Task directions:
Under this line are the records; write out word for word the part that begins at the line containing "move=> pU pX" and ends at the line containing "have [/existsP [k]", and no more.

----------------

Lemma pbw_span_F j x : pbw_span x -> pbw_span (Fm j *m x).
Proof.
apply: lspan_map => [|a y z|u b pu] /=; [exact: lspan0 | exact: lspan_lin |].
have [lamj0 | lamj_neq0] := eqVneq (lam 0 j) 0; last first.
  by apply: lspan_gen (pbw_mul (fword_gen j) _ pu); exists j; rewrite /SuppD /Supp mxE !eqxx.
(* F_j kills v and commutes with the words up to words which still meet Supp(lam). *)
elim: pu => [|X g u' b' wX meets_g pu' IHu].
  by rewrite F_highest_eq0 //; apply: lspan0.
rewrite lie_mulmx; apply: lspanD; last exact: pbw_span_mul_word wX meets_g IHu.
apply: lspan_gen (pbw_mul (fword_lie j wX) _ pu').
have [k /andP [gk_neq0 lamk_neq0]] := meets_g; exists k.
have kj : k != j by apply: contraNneq lamk_neq0 => ->; rewrite lamj0.
by rewrite /SuppD /Supp !mxE (negbTE kj) andbF addr0; apply/andP.
Qed.

Lemma pbw_span_fword W c x : fword W c -> pbw_span x -> pbw_span (W *m x).
Proof.
move=> wW; elim: wW x => [j | j X b _ IHX] x px; first exact: pbw_span_F.
rewrite /lie mulmxBl -!mulmxA; apply: lspanD; first exact/pbw_span_F/IHX.
by rewrite -scaleN1r; apply/lspanZ/IHX/pbw_span_F.
Qed.

Lemma pbw_span_nminus Z x : nminus Z -> pbw_span x -> pbw_span (Z *m x).
Proof.
move=> nZ px; rewrite -[Z *m x]/(mulmxr x Z).
apply: lspan_map nZ => [|a y z|W c wW]; [exact: lspan0 | exact: lspan_lin |].
exact: pbw_span_fword wW px.
Qed.

Lemma pbw_span_H k x : pbw_span x -> pbw_span (H k *m x).
Proof.
apply: lspan_map => [|a y z|u b pu] /=; [exact: lspan0 | exact: lspan_lin |].
by rewrite (pbw_vec_weight pu); apply/lspanZ/(lspan_gen pu).
Qed.

Lemma pbw_span_E i x : pbw_span x -> pbw_span (E i *m x).
Proof.
apply: lspan_map => [|a y z|u b pu] /=; [exact: lspan0 | exact: lspan_lin |].
elim: pu => [|X g u' b' wX _ pu' IHu]; first by rewrite v_E; apply: lspan0.
rewrite lie_mulmx; have [Z nZ [a ->]] := nminus_lie_E i (lspan_gen wX).
rewrite mulmxDl -scalemxAl -addrA; apply: lspanD; first exact: pbw_span_nminus nZ (lspan_gen pu').
by apply: lspan_lin; [exact/pbw_span_H/(lspan_gen pu') | exact: pbw_span_fword wX IHu].
Qed.

Definition pbw_rows m (U : 'M[F]_(m, d)) := forall y : 'rV[F]_d, (y <= U)%MS -> pbw_span y^T.

Lemma pbw_rows_adds m1 m2 (U1 : 'M_(m1, d)) (U2 : 'M_(m2, d)) :
  pbw_rows U1 -> pbw_rows U2 -> pbw_rows (U1 + U2)%MS.
Proof.
move=> pU1 pU2 y /sub_addsmxP [[y1 y2] /= ->]; rewrite linearD /=.
by apply: lspanD; [apply: pU1 | apply: pU2]; apply: submxMl.
Qed.

Lemma pbw_rows_sums (U : 'I_n -> 'M_d) :
  (forall i, pbw_rows (U i)) -> pbw_rows (\sum_i U i)%MS.
Proof.
move=> pU y /sub_sumsmxP [u ->]; rewrite linear_sum /=.
elim/big_ind: _ => [|y1 y2|i _]; [exact: lspan0 | exact: lspanD |].
by apply: (pU i); apply: submxMl.
Qed.

Lemma pbw_rows_mul m (U : 'M_(m, d)) X : pbw_rows U ->
  (forall x, pbw_span x -> pbw_span (X *m x)) -> pbw_rows (U *m X^T).
Proof.
move=> pU pX y /submxP [D ->]; rewrite mulmxA trmx_mul trmxK.
by apply/pX/pU/submxMl.
Qed.

Definition span_step (U : 'M[F]_d) : 'M[F]_d :=
  (U + \sum_i (U *m (E i)^T + U *m (Fm i)^T + U *m (H i)^T))%MS.

Definition span_chain k := iter k span_step <<v^T>>%MS.

Lemma pbw_rows_chain k : pbw_rows (span_chain k).
Proof.
elim: k => [|k IHk] /=.
  move=> y; rewrite genmxE => /submxP [D ->].
  by rewrite trmx_mul trmxK [D^T]mx11_scalar mul_mx_scalar; apply/lspanZ/lspan_gen/pbw_hw.
apply: pbw_rows_adds => //; apply: pbw_rows_sums => i.
by do 2?apply: pbw_rows_adds; apply: pbw_rows_mul IHk _;
  [exact: pbw_span_E | exact: pbw_span_F | exact: pbw_span_H].
Qed.

Lemma span_chain_stationary : exists k, (span_chain k.+1 <= span_chain k)%MS.
Proof.
have [/existsP [k] | ] := boolP [exists k : 'I_d.+1, (span_chain k.+1 <= span_chain k)%MS].
  by exists k.
rewrite negb_exists => /forallP not_stat; exfalso.
suff rank_ge k : (k <= d.+1)%N -> (k <= \rank (span_chain k))%N.
  by move: (rank_ge _ (leqnn _)); rewrite leqNgt ltnS rank_leq_col.
elim: k => [|k IHk] // ltkd; apply: leq_ltn_trans (IHk (ltnW ltkd)) _.
have : (span_chain k < span_chain k.+1)%MS.
  by rewrite ltmxE addsmxSl (not_stat (Ordinal ltkd)).
by rewrite ltmxErank => /andP [].
Qed.

Lemma pbw_span_full : irreducible_rep E Fm H -> v != 0 -> forall x, pbw_span x.
Proof.
move=> irr v_neq0 x; have [k stat] := span_chain_stationary.
set U := span_chain k in stat.
have stable i : [&& stable_col U (E i), stable_col U (Fm i) & stable_col U (H i)].
  apply/and3P; split; apply: submx_trans stat; apply: submx_trans (addsmxSr _ _);
    apply: (sumsmx_sup i) => //.
  - by apply: submx_trans (addsmxSl _ _) (addsmxSl _ _).
  - by apply: submx_trans (addsmxSr _ _) (addsmxSl _ _).
  - exact: addsmxSr.
have [U0 | U_full] := irr U stable; last first.
  by rewrite -[x]trmxK; apply: (pbw_rows_chain (k := k)); rewrite submx_full.
exfalso; move/eqP: v_neq0; apply; apply: trmx_inj; apply/eqP; rewrite trmx0 -submx0 -U0.
rewrite /U; elim: {stat stable U0 U}k => [|k IHk] /=; first by rewrite genmxE.
exact: submx_trans IHk (addsmxSl _ _).
Qed.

----------------

Written response:
move=> pU pX y /submxP [D ->]; rewrite mulmxA trmx_mul trmxK.
by apply/pX/pU/submxMl.
Qed.

Definition span_step (U : 'M[F]_d) : 'M[F]_d :=
  (U + \sum_i (U *m (E i)^T + U *m (Fm i)^T + U *m (H i)^T))%MS.

Definition span_chain k := iter k span_step <<v^T>>%MS.

Lemma pbw_rows_chain k : pbw_rows (span_chain k).
Proof.
elim: k => [|k IHk] /=.
  move=> y; rewrite genmxE => /submxP [D ->].
  by rewrite trmx_mul trmxK [D^T]mx11_scalar mul_mx_scalar; apply/lspanZ/lspan_gen/pbw_hw.
apply: pbw_rows_adds => //; apply: pbw_rows_sums => i.
by do 2?apply: pbw_rows_adds; apply: pbw_rows_mul IHk _;
  [exact: pbw_span_E | exact: pbw_span_F | exact: pbw_span_H].
Qed.

Lemma span_chain_stationary : exists k, (span_chain k.+1 <= span_chain k)%MS.
Proof.
have [/existsP [k] | ] := boolP [exists k : 'I_d.+1, (span_chain k.+1 <= span_chain k)%MS].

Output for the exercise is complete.